● What is required
Find every line containing "some" in the records below and report the tally as a bare number.

==== Data ====

(* Let $(X,\le)$ be a non-empty well-ordered set with least element $x_0$, let $G$ be the free nilpotent group of class two on $X$, and take $A=G$, $K=[G,G]=Z(G)$. For each $y\in X$ let $\psi_y$ be the endomorphism of the abelian group $G/K$ with $\psi_y(x_0K)=yK$ and $\psi_y(xK)=K$ for $x\in X\setminus\{x_0\}$, and let $g\circ_{y}h=g\cdot\psi_y^\uparrow(g)\cdot h\cdot\psi_y^\uparrow(g)^{-1}$ for a lifting $\psi_y^\uparrow:G\to G$ of $\psi_y$ (i.e. $\psi_y^\uparrow(g)K=\psi_y(gK)$). Then $(\circ_y:y\in X)$ is a brace block on $G$, $x_0\circ_y x_0=x_0\cdot y\cdot x_0\cdot y^{-1}$, and the operations $\circ_y$, $y\in X$, are pairwise distinct; hence the brace block consists of $|X|$ distinct operations.
   Context: A skew brace is a triple $(G,\cdot,\circ)$ where $(G,\cdot)$ and $(G,\circ)$ are groups and $g\circ(h\cdot k)=(g\circ h)\cdot g^{-1}\cdot(g\circ k)$ for all $g,h,k$. A bi-skew brace is a triple $(G,\cdot,\circ)$ such that both $(G,\cdot,\circ)$ and $(G,\circ,\cdot)$ are skew braces. A brace block on a set $G$ is a family of group operations on $G$ any two of which form a bi-skew brace. The operation $\circ_y$ does not depend on the choice of lifting since $K$ is central. *)

(* groups are given as a carrier type with explicit operations
   and axioms, since the groups here are infinite. *)
Set Implicit Arguments.

Section Defs.
Context {T : Type}.

Definition group_laws (mul : T -> T -> T) (one : T) (inv : T -> T) : Prop :=
  (forall a b c, mul a (mul b c) = mul (mul a b) c) /\
  (forall a, mul one a = a /\ mul a one = a) /\
  (forall a, mul (inv a) a = one /\ mul a (inv a) = one).

Definition is_group_op (mul : T -> T -> T) : Prop :=
  exists one inv, group_laws mul one inv.

Definition skew_brace (dot circ : T -> T -> T) : Prop :=
  is_group_op circ /\
  exists one inv, group_laws dot one inv /\
    forall g h k, circ g (dot h k) = dot (circ g h) (dot (inv g) (circ g k)).

Definition bi_skew_brace (dot circ : T -> T -> T) : Prop :=
  skew_brace dot circ /\ skew_brace circ dot.

Definition brace_block {I : Type} (ops : I -> T -> T -> T) : Prop :=
  (forall i, is_group_op (ops i)) /\
  (forall i j, i <> j -> bi_skew_brace (ops i) (ops j)).

Definition commutator (mul : T -> T -> T) (inv : T -> T) (a b : T) : T :=
  mul (mul (inv a) (inv b)) (mul a b).

Definition nil2 (mul : T -> T -> T) (one : T) (inv : T -> T) : Prop :=
  forall a b c, commutator mul inv (commutator mul inv a b) c = one.

Inductive comm_subgroup (mul : T -> T -> T) (one : T) (inv : T -> T) : T -> Prop :=
| cs_one : comm_subgroup mul one inv one
| cs_comm a b : comm_subgroup mul one inv (commutator mul inv a b)
| cs_mul a b : comm_subgroup mul one inv a -> comm_subgroup mul one inv b ->
    comm_subgroup mul one inv (mul a b)
| cs_inv a : comm_subgroup mul one inv a -> comm_subgroup mul one inv (inv a).

Definition congr_K mul one inv (g h : T) : Prop :=
  comm_subgroup mul one inv (mul (inv g) h).
End Defs.
(* Let $S$ be a polynomial ring over a field, $t$ a positive integer, $I\subseteq S$ an ideal and $\sigma$ a term order such that $\operatorname{in}_\sigma(I)$ is a squarefree monomial ideal (so that $I$ is radical and $I=\bigcap_{\mathfrak p\in\operatorname{Min}(I)}\mathfrak p$). Suppose that: (a) $\operatorname{in}_\sigma(\mathfrak p)$ is a squarefree monomial ideal for each $\mathfrak p\in\operatorname{Min}(I)$; (b) $(\operatorname{in}_\sigma(I))^{(t)}=(\operatorname{in}_\sigma(I))^t$; (c) $\operatorname{in}_\sigma(\mathfrak p^{(t)})=(\operatorname{in}_\sigma(\mathfrak p))^{(t)}$ for each $\mathfrak p\in\operatorname{Min}(I)$; (d) $\operatorname{in}_\sigma(I)=\bigcap_{\mathfrak p\in\operatorname{Min}(I)}\operatorname{in}_\sigma(\mathfrak p)$. Then $I^{(t)}=I^t$.
   Context: $\operatorname{Min}(I)$ is the set of minimal primes of $I$; $I^{(t)}=\bigcap_{\mathfrak p\in\operatorname{Ass}(I)}(I^tS_{\mathfrak p}\cap S)$ is the $t$-th symbolic power; $\operatorname{in}_\sigma$ denotes the initial ideal. *)

From HB Require Import structures.
From mathcomp Require Import all_boot all_order all_algebra.
From mathcomp Require Import mpoly.
Set Implicit Arguments.
Unset Strict Implicit.
Unset Printing Implicit Defensive.
Import GRing.Theory.
Local Open Scope ring_scope.

Section Ideals.
Variable R : comNzRingType.

Definition subI (A B : R -> Prop) : Prop := forall x, A x -> B x.
Definition eqI (A B : R -> Prop) : Prop := forall x, A x <-> B x.

Definition is_ideal (I : R -> Prop) : Prop :=
  [/\ I 0, (forall x y, I x -> I y -> I (x + y)) & (forall r x, I x -> I (r * x))].

Definition is_prime (P : R -> Prop) : Prop :=
  [/\ is_ideal P, ~ P 1 & (forall x y, P (x * y) -> P x \/ P y)].

Definition gen_ideal (G : R -> Prop) : R -> Prop := fun x =>
  exists k (r g : 'I_k -> R), (forall i, G (g i)) /\ x = \sum_(i < k) r i * g i.

Definition prod_ideal (J K : R -> Prop) : R -> Prop := fun x =>
  exists k (a b : 'I_k -> R), (forall i, J (a i)) /\ (forall i, K (b i)) /\
    x = \sum_(i < k) a i * b i.

Fixpoint pow_ideal (I : R -> Prop) (t : nat) : R -> Prop :=
  match t with
  | 0 => fun _ => True
  | t'.+1 => prod_ideal (pow_ideal I t') I
  end.

Definition colon (I : R -> Prop) (f : R) : R -> Prop := fun x => I (x * f).

Definition Ass (I : R -> Prop) (P : R -> Prop) : Prop :=
  is_prime P /\ exists f, eqI P (colon I f).

Definition Min (I : R -> Prop) (P : R -> Prop) : Prop :=
  [/\ is_prime P, subI I P &
      (forall Q, is_prime Q -> subI I Q -> subI Q P -> subI P Q)].

(* I^t S_p ∩ S = { f | exists s ∉ p, s f ∈ I^t } *)
Definition loc_contr (J P : R -> Prop) : R -> Prop := fun x =>
  exists s, ~ P s /\ J (s * x).

Definition symb_pow (I : R -> Prop) (t : nat) : R -> Prop := fun x =>
  forall P, Ass I P -> loc_contr (pow_ideal I t) P x.

End Ideals.

Section TermOrder.
Variables (n : nat) (F : fieldType).

Definition term_order (le : rel 'X_{1..n}) : Prop :=
  [/\ reflexive le, antisymmetric le, transitive le & total le] /\
  (forall m, le 0%MM m) /\
  (forall m1 m2 m, le m1 m2 -> le (m1 + m)%MM (m2 + m)%MM).

(* m is the leading (initial) monomial of f w.r.t. le (forces f != 0) *)
Definition is_lead (le : rel 'X_{1..n}) (f : {mpoly F[n]}) (m : 'X_{1..n}) :=
  m \in msupp f /\ forall m', m' \in msupp f -> le m' m.

Definition init_ideal (le : rel 'X_{1..n}) (I : {mpoly F[n]} -> Prop) :
    {mpoly F[n]} -> Prop :=
  gen_ideal (fun g => exists f m, I f /\ is_lead le f m /\ g = 'X_[m]).

Definition squarefree_mon (m : 'X_{1..n}) : Prop := forall i, (m i <= 1)%N.

Definition sqfree_monomial_ideal (J : {mpoly F[n]} -> Prop) : Prop :=
  exists G : 'X_{1..n} -> Prop, (forall m, G m -> squarefree_mon m) /\
    eqI J (gen_ideal (fun g => exists m, G m /\ g = 'X_[m])).

End TermOrder.

(* Comparing leading monomials, in(I) = ∩ in(p) over the minimal primes p forces
   I = ∩ p, so in the Noetherian ring S every minimal prime of I is associated.
   Let f ∈ I^(t) have leading monomial m. For each minimal prime p, f ∈ p^(t), so
   X^m ∈ in(p^(t)) = in(p)^(t). An associated prime Q = (in(I) : g) of in(I)
   contains (in(p) : g) for some p: otherwise, since there are only finitely many
   squarefree monomial ideals, finitely many witnesses multiply to some u ∉ Q with
   u g ∈ ∩ in(p) = in(I). Since in(I) is radical, g ∉ Q, and g in(p) ⊆ in(I), so the
   localisation of X^m at Q lands in in(I)^t. Hence in(I^(t)) ⊆ in(I)^(t) =
   in(I)^t ⊆ in(I^t), which together with I^t ⊆ I^(t) gives I^(t) = I^t. *)

From HB Require Import structures.
From mathcomp Require Import all_boot all_order all_algebra.
From mathcomp Require Import mpoly.
From mathcomp Require Import ring zify.
From Stdlib Require Import Classical ClassicalEpsilon.
Set Implicit Arguments.
Unset Strict Implicit.
Unset Printing Implicit Defensive.
Import GRing.Theory.

Lemma exists_tail_min (a : nat -> nat) k :
  exists j, k <= j /\ forall j', k <= j' -> a j <= a j'.
Proof.
suff H v : (exists j, k <= j /\ a j <= v) ->
    exists j, k <= j /\ forall j', k <= j' -> a j <= a j'.
  by apply: (H (a k)); exists k.
elim: v => [|v IH] [j [hj hv]].
  by exists j; split => // j' _; move: hv; rewrite leqn0 => /eqP ->.
have [|hn] := classic (exists j, k <= j /\ a j <= v); first exact: IH.
exists j; split => // j' hj'; apply: (leq_trans hv).
by rewrite leqNgt; apply/negP => h; apply: hn; exists j'.
Qed.

Lemma exists_nondecreasing_subseq (a : nat -> nat) : exists phi : nat -> nat,
  (forall i, phi i < phi i.+1) /\ (forall i, a (phi i) <= a (phi i.+1)).
Proof.
have tmin k : {j | k <= j /\ forall j', k <= j' -> a j <= a j'}.
  exact/constructive_indefinite_description/exists_tail_min.
pose fix phi i := if i is i'.+1 then sval (tmin (phi i').+1) else sval (tmin 0).
have phi_incr i : phi i < phi i.+1 by case: (svalP (tmin (phi i).+1)).
have phi_min i : exists2 k, k <= phi i & forall j, k <= j -> a (phi i) <= a j.
  case: i => [|i] /=.
    by exists 0 => //; apply: (svalP (tmin 0)).2.
  by exists (phi i).+1; [apply: phi_incr|apply: (svalP (tmin _)).2].
exists phi; split => // i; have [k le_k min_k] := phi_min i; apply: min_k.
exact: leq_trans le_k (ltnW (phi_incr i)).
Qed.

Lemma dickson_on n (s : nat -> 'X_{1..n}) (l : seq 'I_n) : exists phi : nat -> nat,
  (forall i, phi i < phi i.+1) /\
  forall j, j \in l -> forall i, s (phi i) j <= s (phi i.+1) j.
Proof.
elim: l => [|j l [phi [phi_incr phi_mono]]]; first by exists id.
have [psi [psi_incr psi_mono]] :=
  exists_nondecreasing_subseq (fun i => s (phi i) j).
exists (phi \o psi); split => [i|j']; first exact: (homo_ltn ltn_trans phi_incr).
rewrite inE => /orP [/eqP -> //|/phi_mono mono_j'] i.
exact: (homo_leq (f := fun k => s (phi k) j') leqnn leq_trans mono_j'
  (ltnW (psi_incr i))).
Qed.
Lemma family_step i c R M : i < n -> loop_regs i c.+1 R -> first_fit_inv t n M0 i M ->
  reaches P (State 18 R M) (fun k st => [/\ k <= 25 * t.+1, pc st = 18,
    loop_regs i.+1 c (regs st) & first_fit_inv t n M0 i.+1 (Defs.mem st)]).
Proof.
move=> lt_in regsR invM; case: (regsR) => r0 r1 r2 r3 r6 r8 r12 r13.
run_step; rewrite r13; do 3 run_step; rewrite r12 r0 r8 (first_fit_inv_adm lt_in invM).
have regsR1 : loop_regs i c.+1 (upd R 14 (M0 (family_base t i))) by apply: loop_regs_upd.
have [adm0|adm_i] := eqVneq (M0 (family_base t i)) 0.
  have rejected : ~~ input_first_fit t M0 i.
    by rewrite /input_first_fit /first_fit /fits /input_adm adm0.
  apply: reaches_conseq (reject_family lt_in rejected regsR1 invM) _.
  by move=> k st [-> ? ? ?]; split=> //; nia.
do 3 run_step; rewrite r8 r6 r3 r0 addn1 addn0.
apply: reaches_seq; first by apply: check_loop; rewrite ?updE.
move=> k [pc2 R2 M2] /= [steps2 pcE -> frame].
rewrite !updE /= r1 addn0 (first_fit_inv_check lt_in adm_i invM) in pcE; subst pc2.
have regsR2 : loop_regs i c.+1 R2.
  by apply: loop_regs_frame frame isT _; do 3 apply: loop_regs_upd => //.
case picked: (input_first_fit t M0 i).
  apply: reaches_conseq (accept_family lt_in picked regsR2 invM) _.
  by move=> k' st [? ? ? ?]; split=> //; nia.
apply: reaches_conseq (reject_family lt_in (negbT picked) regsR2 invM) _.
by move=> k' st [-> ? ? ?]; split=> //; nia.
Qed.

Lemma family_loop c : forall i R M, i + c = n -> loop_regs i c R ->
  first_fit_inv t n M0 i M ->
  reaches P (State 18 R M) (fun k st => [/\ k <= c * (25 * t.+1), pc st = 18,
    loop_regs n 0 (regs st) & first_fit_inv t n M0 n (Defs.mem st)]).
Proof.
elim: c => [|c IHc] i R M; first by rewrite addn0 => <- regsR invM; apply: reaches_now.
move=> sum_n regsR invM.
apply: reaches_seq; first by apply: (family_step _ regsR invM); lia.
move=> k [pc1 R1 M1] /= [steps -> regsR1 invM1].
apply: reaches_conseq; first by apply: IHc regsR1 invM1; lia.
by move=> k' st [steps' ? ? ?]; split=> //; nia.
Qed.

End FamilyLoop.

Lemma first_fit_run s t n : nth 0 s 0 = t -> nth 0 s 1 = n -> (size s).+1 = family_base t n ->
  let M0 := Defs.mem (init_state s) in
  reaches P (init_state s) (fun k st => [/\ k <= 20 + 7 * t + n * (25 * t.+1),
    step P st = None &
    output st = 1 :: mkseq (fun i => nat_of_bool (input_first_fit t M0 i)) n]).
Proof.
move=> t_at n_at sizeE M0; rewrite /init_state.
do 9 run_step; rewrite t_at n_at addn1 addn0.
apply: reaches_seq.
  by apply: copy_loop; rewrite ?updE //= addn0 sizeE /family_base; lia.
move=> k [pc1 R1 M1] /= [steps1 -> memE1 r8 frame1]; rewrite !updE /= in memE1.
do 2 run_step; rewrite !frame1 ?updE //= addn0.
have regs0 : loop_regs t n 0 n (upd (upd R1 12 2) 13 n).
  by split; rewrite ?updE //= ?frame1 ?updE //=.
have inv0 : first_fit_inv t n M0 0 M1.
  split=> // [x x_in|s' lt_st]; rewrite memE1 /window_update.
    by rewrite ifN //; move: x_in; rewrite -sizeE /family_base; lia.
  by rewrite -sizeE ifT ?subn0 ?addKn //; lia.
apply: reaches_seq; first exact: family_loop regs0 inv0.
move=> k' [pc2 R2 M2] /= [steps2 -> [r0 _ r2 _ r6 _ _ r13] [_ _ out2]].
run_step; rewrite r13; do 3 run_step; rewrite r6 r2 r0.
apply: reaches_now; split=> //; first by lia.
rewrite /output /= !updE /= addn1 /mkseq /= (iotaDl 1 0) -map_comp.
congr (_ :: _); apply/eq_in_map => j; rewrite mem_iota => /andP[_ lt_jn] /=.
by rewrite add1n !updE /= out2.
Qed.

Lemma size_flatten_map_const (T U : Type) (f : T -> seq U) b (l : seq T) :
  (forall x, size (f x) = b) -> size (flatten (map f l)) = size l * b.
Proof. by move=> size_f; elim: l => [|x l IHl] //=; rewrite size_cat size_f IHl mulSn. Qed.

Lemma nth_flatten_map_const (T U : Type) (f : T -> seq U) b (l : seq T) x0 y0 i k :
  (forall x, size (f x) = b) -> i < size l -> k < b ->
  nth y0 (flatten (map f l)) (i * b + k) = nth y0 (f (nth x0 l i)) k.
Proof.
move=> size_f; elim: l i => [|x l IHl] [|i] //= lt_il lt_kb; rewrite nth_cat size_f.
  by rewrite lt_kb.
by rewrite mulSn -addnA ltnNge leq_addr /= addKn IHl.
Qed.

Lemma size_le_enc_size s : size s <= enc_size s.
Proof. by rewrite /enc_size -sum1_size; apply: leq_sum. Qed.

Lemma encode1_layout n t (I : instance n 1 t) :
  let s := encode1 I in let M0 := Defs.mem (init_state s) in
  [/\ nth 0 s 0 = t, nth 0 s 1 = n, (size s).+1 = family_base t n
    & represents I (input_cap M0) (input_adm t M0) (input_dem t M0)].
Proof.
pose block (i : 'I_n) := nat_of_bool (acc I i ord0) :: [seq req I i s | s <- enum 'I_t].
have size_block i : size (block i) = t.+1 by rewrite /= size_map size_enum_ord.
have size_caps : size [seq uq I ord0 s | s <- enum 'I_t] = t by rewrite size_map size_enum_ord.
have familyE (i : 'I_n) k : k < t.+1 ->
    Defs.mem (init_state (encode1 I)) (family_base t i + k) = nth 0 (block i) k.
  move=> lt_kt; have -> : family_base t i + k = (2 + t + (i * t.+1 + k)).+1.
    by rewrite /family_base; lia.
  rewrite /= nth_cat size_caps ltnNge leq_addr /= addKn.
  by rewrite (@nth_flatten_map_const _ _ _ _ _ i) ?size_enum_ord ?nth_ord_enum.
split=> //.
- rewrite /encode1 /= size_cat size_caps (size_flatten_map_const _ size_block).
  by rewrite size_enum_ord /family_base; lia.
split=> [s|i|i s].
- rewrite /input_cap /= nth_cat size_caps ltn_ord add0n (nth_map s) ?size_enum_ord //.
  by rewrite nth_ord_enum.
- by rewrite /input_adm -[family_base t i]addn0 familyE // /block /=; case: (acc I i ord0).
- rewrite /input_dem addSnnS familyE ?ltnS // /block /= (nth_map s) ?size_enum_ord //.
  by rewrite nth_ord_enum.
Qed.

====

● Exercise response
2